(* Let $\Gamma$ be a group acting by isometries on a $\delta$-hyperbolic length space $X$. Assume that $\Gamma$ has no parabolic subgroup and that every elliptic subgroup of $\Gamma$ is finite cyclic. Then $\nu(\Gamma,X)\leq 2$.
   Context: For a subgroup $H\le\Gamma$, its limit set $\Lambda(H)\subset\partial X$ is the set of accumulation points of an $H$-orbit. $H$ is elliptic (resp. parabolic, lineal) if $\Lambda(H)$ is empty (resp. has exactly one point, exactly two points), non-elementary if $\Lambda(H)$ has at least three points, and elementary otherwise. An element is loxodromic if its orbits have exactly two accumulation points in $\partial X$. The $\nu$-invariant $\nu(\Gamma,X)$ is the smallest integer $m$ such that, for all $\gamma_0,\gamma\in\Gamma$ with $\gamma$ loxodromic, if $\gamma_0,\gamma\gamma_0\gamma^{-1},\dots,\gamma^m\gamma_0\gamma^{-m}$ generate an elementary subgroup then so do $\gamma_0$ and $\gamma$. *)

From Stdlib Require Import Reals List.
Open Scope R_scope.
Set Implicit Arguments.
Unset Strict Implicit.

Record Group := {
  gcar :> Type;
  gmul : gcar -> gcar -> gcar;
  ginv : gcar -> gcar;
  gone : gcar;
  gmulA : forall a b c, gmul a (gmul b c) = gmul (gmul a b) c;
  gmul1g : forall a, gmul gone a = a;
  gmulVg : forall a, gmul (ginv a) a = gone
}.

Arguments gmul : clear implicits.
Arguments ginv : clear implicits.
Arguments gone : clear implicits.

Section GroupDefs.
Variable G : Group.

Definition subgroup (H : G -> Prop) : Prop :=
  H (gone G) /\ (forall a b, H a -> H b -> H (gmul G a b)) /\
  (forall a, H a -> H (ginv G a)).

Definition gen (S : G -> Prop) (g : G) : Prop :=
  forall K : G -> Prop, subgroup K -> (forall s, S s -> K s) -> K g.

Definition finite_set (H : G -> Prop) : Prop :=
  exists l : list G, forall x, H x -> In x l.

Definition cyclic_subgroup (H : G -> Prop) : Prop :=
  exists g0 : G, forall x, H x <-> gen (fun y => y = g0) x.

Definition finite_cyclic (H : G -> Prop) : Prop :=
  finite_set H /\ cyclic_subgroup H.

Fixpoint gpow (g : G) (k : nat) : G :=
  match k with O => gone G | S k' => gmul G g (gpow g k') end.

Definition conjpow (g a : G) (k : nat) : G :=
  gmul G (gmul G (gpow g k) a) (ginv G (gpow g k)).
End GroupDefs.

Record MetricSpace := {
  mcar :> Type;
  dist : mcar -> mcar -> R;
  dist_refl : forall x, dist x x = 0;
  dist_sep : forall x y, dist x y = 0 -> x = y;
  dist_sym : forall x y, dist x y = dist y x;
  dist_tri : forall x y z, dist x z <= dist x y + dist y z
}.

Arguments dist : clear implicits.

Section MetricDefs.
Variable X : MetricSpace.

Definition curve_continuous (c : R -> X) : Prop :=
  forall t, 0 <= t <= 1 -> forall eps, 0 < eps -> exists eta, 0 < eta /\
    forall s, 0 <= s <= 1 -> Rabs (s - t) < eta -> dist X (c s) (c t) < eps.

Fixpoint poly_length (c : R -> X) (t0 : R) (ts : list R) : R :=
  match ts with
  | nil => 0
  | t1 :: ts' => dist X (c t0) (c t1) + poly_length c t1 ts'
  end.

Fixpoint increasing_from (t0 : R) (ts : list R) : Prop :=
  match ts with
  | nil => True
  | t1 :: ts' => t0 <= t1 /\ increasing_from t1 ts'
  end.

(** the length of c (sup over subdivisions 0 = t0 <= ... <= tn = 1) is <= L *)
Definition curve_length_le (c : R -> X) (L : R) : Prop :=
  forall ts : list R, increasing_from 0 (ts ++ 1 :: nil) ->
    poly_length c 0 (ts ++ 1 :: nil) <= L.

Definition length_space : Prop :=
  forall x y eps, 0 < eps -> exists c : R -> X,
    curve_continuous c /\ c 0 = x /\ c 1 = y /\
    curve_length_le c (dist X x y + eps).

Definition gromov_product (w x y : X) : R :=
  (dist X w x + dist X w y - dist X x y) / 2.

Definition hyperbolic (delta : R) : Prop :=
  forall w x y z,
    Rmin (gromov_product w x z) (gromov_product w y z) - delta
      <= gromov_product w x y.

(** sequences converging at infinity / equivalent (same boundary point),
    with respect to a base point o *)
Definition conv_infty (o : X) (u : nat -> X) : Prop :=
  forall M, exists N, forall n m, (N <= n)%nat -> (N <= m)%nat ->
    M <= gromov_product o (u n) (u m).

Definition equiv_infty (o : X) (u v : nat -> X) : Prop :=
  forall M, exists N, forall n m, (N <= n)%nat -> (N <= m)%nat ->
    M <= gromov_product o (u n) (v m).
End MetricDefs.

Definition isometric_action (G : Group) (X : MetricSpace) (act : G -> X -> X)
  : Prop :=
  (forall x, act (gone G) x = x) /\
  (forall g h x, act (gmul G g h) x = act g (act h x)) /\
  (forall g x y, dist X (act g x) (act g y) = dist X x y).

Section LimitSet.
Variables (G : Group) (X : MetricSpace) (act : G -> X -> X) (o : X).

(** h is a sequence in H whose orbit sequence h_n o converges to a point of
    the Gromov boundary; that point (the class of h_n o) lies in Lambda(H) *)
Definition limit_seq (H : G -> Prop) (h : nat -> G) : Prop :=
  (forall n, H (h n)) /\ conv_infty o (fun n => act (h n) o).

Definition distinct_pts (h1 h2 : nat -> G) : Prop :=
  ~ equiv_infty o (fun n => act (h1 n) o) (fun n => act (h2 n) o).

(** Lambda(H) has at least 1 / 2 / 3 points *)
Definition lim_ge1 (H : G -> Prop) : Prop := exists h, limit_seq H h.
Definition lim_ge2 (H : G -> Prop) : Prop :=
  exists h1 h2, limit_seq H h1 /\ limit_seq H h2 /\ distinct_pts h1 h2.
Definition lim_ge3 (H : G -> Prop) : Prop :=
  exists h1 h2 h3, limit_seq H h1 /\ limit_seq H h2 /\ limit_seq H h3 /\
    distinct_pts h1 h2 /\ distinct_pts h1 h3 /\ distinct_pts h2 h3.

Definition elliptic (H : G -> Prop) : Prop := ~ lim_ge1 H.
Definition parabolic (H : G -> Prop) : Prop := lim_ge1 H /\ ~ lim_ge2 H.
Definition lineal (H : G -> Prop) : Prop := lim_ge2 H /\ ~ lim_ge3 H.
Definition nonelementary (H : G -> Prop) : Prop := lim_ge3 H.
Definition elementary (H : G -> Prop) : Prop := ~ lim_ge3 H.

Definition loxodromic (g : G) : Prop := lineal (gen (fun y => y = g)).

Definition nu_property (m : nat) : Prop :=
  forall g0 g : G, loxodromic g ->
    elementary (gen (fun y => exists k, (k <= m)%nat /\ y = conjpow g g0 k)) ->
    elementary (gen (fun y => y = g0 \/ y = g)).

(** nu(Gamma, X) <= n : the least m with nu_property m exists and is <= n *)
Definition nu_le (n : nat) : Prop := exists m, (m <= n)%nat /\ nu_property m.
End LimitSet.

(* Let H1 = <g0, g g0 g^-1>; both H1 and its conjugate by g lie in
   H = <g0, g g0 g^-1, g^2 g0 g^-2>, which is elementary by assumption.
   If H1 is elliptic, it is finite cyclic, so the conjugate elements g0 and
   g g0 g^-1 have the same order and generate the same subgroup: g normalises
   the finite group <g0>. Then <g0, g> = <g> <g0> stays at bounded distance from
   the orbit of <g>, whose limit set has only two points.
   Otherwise H1, not being parabolic, has two limit points a and b, and
   these form the whole limit set of H. As g0 and g conjugate H1 into H, both map
   {a, b} into itself, so <g0, g> stabilises the pair {a, b}; a group
   stabilising two boundary points has no third limit point. *)

From Stdlib Require Import Reals List Arith Lia Lra Classical IndefiniteDescription FinFun Wf_nat.
Local Open Scope nat_scope.

Local Notation "x <*> y" := (gmul _ x y) (at level 40, left associativity).
Local Notation "x ^-1" := (ginv _ x) (at level 2).
Local Notation "<[ c ]>" := (gen (fun y => y = c)).
Local Notation "<[ a ; b ]>" := (gen (fun y => y = a \/ y = b)).

Section GroupFacts.
Context {G : Group}.
Implicit Types a b c g h x y : G.

Lemma mulgV a : a <*> a^-1 = gone G.
Proof.
  rewrite <- (gmul1g (a <*> a^-1)), <- (gmulVg (a^-1)) at 1.
  rewrite <- gmulA, (gmulA (a^-1) a), gmulVg, gmul1g.
  apply gmulVg.
Qed.

Lemma mulg1 a : a <*> gone G = a.
Proof. now rewrite <- (gmulVg a), gmulA, mulgV, gmul1g. Qed.

Lemma mulgI a b c : a <*> b = a <*> c -> b = c.
Proof.
  intro E. now rewrite <- (gmul1g b), <- (gmul1g c), <- (gmulVg a), <- !gmulA, E.
Qed.

Lemma invg_unique a b : a <*> b = gone G -> a^-1 = b.
Proof. intro E. apply (mulgI a). now rewrite mulgV, E. Qed.

Lemma invgK a : (a^-1)^-1 = a.
Proof. apply invg_unique, gmulVg. Qed.

Lemma invg1 : (gone G)^-1 = gone G.
Proof. apply invg_unique, gmul1g. Qed.

Lemma invMg a b : (a <*> b)^-1 = b^-1 <*> a^-1.
Proof.
  apply invg_unique. now rewrite <- gmulA, (gmulA b), mulgV, gmul1g, mulgV.
Qed.

Lemma gpowD c i j : gpow c (i + j) = gpow c i <*> gpow c j.
Proof.
  induction i as [|i IH]; simpl; [now rewrite gmul1g | now rewrite IH, gmulA].
Qed.

Lemma gpow1 j : gpow (gone G) j = gone G.
Proof. induction j as [|j IH]; simpl; [reflexivity | now rewrite IH, gmul1g]. Qed.

Lemma gpowM c i j : gpow c (i * j) = gpow (gpow c i) j.
Proof.
  induction j as [|j IH]; simpl.
  - now rewrite Nat.mul_0_r.
  - rewrite <- IH, <- gpowD. f_equal. lia.
Qed.

Lemma gpow_conj h x k : gpow (h <*> x <*> h^-1) k = h <*> gpow x k <*> h^-1.
Proof.
  induction k as [|k IH]; simpl.
  - now rewrite mulg1, mulgV.
  - rewrite IH, <- !gmulA. do 2 f_equal.
    now rewrite !gmulA, gmulVg, gmul1g.
Qed.

Lemma conjpow0 g (g0 : G) : conjpow g g0 0 = g0.
Proof. unfold conjpow; simpl. now rewrite gmul1g, invg1, mulg1. Qed.

Lemma conjpow1 g (g0 : G) : conjpow g g0 1 = g <*> g0 <*> g^-1.
Proof. unfold conjpow; simpl. now rewrite mulg1. Qed.

Lemma conjpow2 g (g0 : G) : conjpow g g0 2 = g <*> conjpow g g0 1 <*> g^-1.
Proof. rewrite conjpow1. unfold conjpow; simpl. now rewrite !mulg1, invMg, !gmulA. Qed.

Section Subgroup.
Context {K : G -> Prop}.
Hypothesis K_sub : subgroup K.

Lemma subgroup1 : K (gone G).
Proof. apply K_sub. Qed.

Lemma subgroupM a b : K a -> K b -> K (a <*> b).
Proof. apply K_sub. Qed.

Lemma subgroupV a : K a -> K (a^-1).
Proof. apply K_sub. Qed.

Lemma subgroup_gpow c k : K c -> K (gpow c k).
Proof.
  intro Kc. induction k; simpl; [apply subgroup1 | now apply subgroupM].
Qed.

Lemma subgroup_conj h : subgroup (fun z => K (h <*> z <*> h^-1)).
Proof.
  split; [|split].
  - rewrite mulg1, mulgV. apply subgroup1.
  - intros a b Ka Kb.
    replace (h <*> (a <*> b) <*> h^-1)
      with ((h <*> a <*> h^-1) <*> (h <*> b <*> h^-1)) by
      (rewrite <- !gmulA; do 2 f_equal; now rewrite !gmulA, gmulVg, gmul1g).
    now apply subgroupM.
  - intros a Ka.
    replace (h <*> a^-1 <*> h^-1) with ((h <*> a <*> h^-1)^-1)
      by now rewrite !invMg, invgK, gmulA.
    now apply subgroupV.
Qed.
End Subgroup.

Lemma gen_subgroup (S : G -> Prop) : subgroup (gen S).
Proof.
  split; [|split].
  - intros K HK _. now apply subgroup1.
  - intros a b Ha Hb K HK HS. apply subgroupM; [exact HK | apply Ha | apply Hb]; auto.
  - intros a Ha K HK HS. apply subgroupV; [exact HK | apply Ha]; auto.
Qed.

Lemma gen_incl (S : G -> Prop) s : S s -> gen S s.
Proof. intros Hs K _ HS. auto. Qed.

Lemma gen_min (S K : G -> Prop) :
  subgroup K -> (forall s, S s -> K s) -> forall z, gen S z -> K z.
Proof. intros HK HS z Hz. now apply Hz. Qed.

Lemma gen_conj (S K : G -> Prop) h :
  subgroup K -> (forall s, S s -> K (h <*> s <*> h^-1)) ->
  forall z, gen S z -> K (h <*> z <*> h^-1).
Proof. intros HK. apply gen_min, subgroup_conj, HK. Qed.

Lemma gpow_in_gen1 c k : <[c]> (gpow c k).
Proof. apply subgroup_gpow; [apply gen_subgroup | now apply gen_incl]. Qed.

End GroupFacts.

Lemma pigeonhole_nat {A : Type} (f : nat -> A) (l : list A) :
  (forall i, In (f i) l) -> exists i j, (i < j) /\ f i = f j.
Proof.
  intro Hf. apply NNPP. intro Hn.
  assert (Hinj : Injective f).
  { intros i j E. destruct (Nat.lt_trichotomy i j) as [H|[H|H]]; auto;
      exfalso; apply Hn; eauto. }
  assert (Hincl : incl (map f (seq 0 (S (length l)))) l).
  { intros z Hz. apply in_map_iff in Hz. destruct Hz as [i [<- _]]. auto. }
  pose proof (NoDup_incl_length (Injective_map_NoDup Hinj (seq_NoDup _ _)) Hincl) as H.
  rewrite length_map, length_seq in H. lia.
Qed.

Definition order_of {G : Group} (c : G) (n : nat) : Prop :=
  (0 < n) /\ gpow c n = gone G /\
  forall m, (0 < m) -> gpow c m = gone G -> (n <= m).

Section FiniteCyclic.
Context {G : Group}.
Implicit Types c h x y : G.

Lemma finite_gen1_order c : finite_set <[c]> -> exists n, order_of c n.
Proof.
  intros [l Hl].
  destruct (pigeonhole_nat (gpow c) l (fun i => Hl _ (gpow_in_gen1 c i)))
    as [i [j [Hij Eij]]].
  assert (Hper : exists n, (0 < n) /\ gpow c n = gone G).
  { exists (j - i). split; [lia|]. apply (mulgI (gpow c i)).
    rewrite <- gpowD, mulg1. now replace (i + (j - i)) with j by lia. }
  destruct (dec_inh_nat_subset_has_unique_least_element _ (fun n => classic _) Hper)
    as [n [[[Hn0 Hn] Hmin] _]].
  exists n. repeat split; auto.
Qed.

•••••

PROBLEM TO SOLVE: Locate the word "Types" in the records and collect each line it appears in.

SOLUTION TO THIS TASK:
Implicit Types a b c g h x y : G.
Implicit Types c h x y : G.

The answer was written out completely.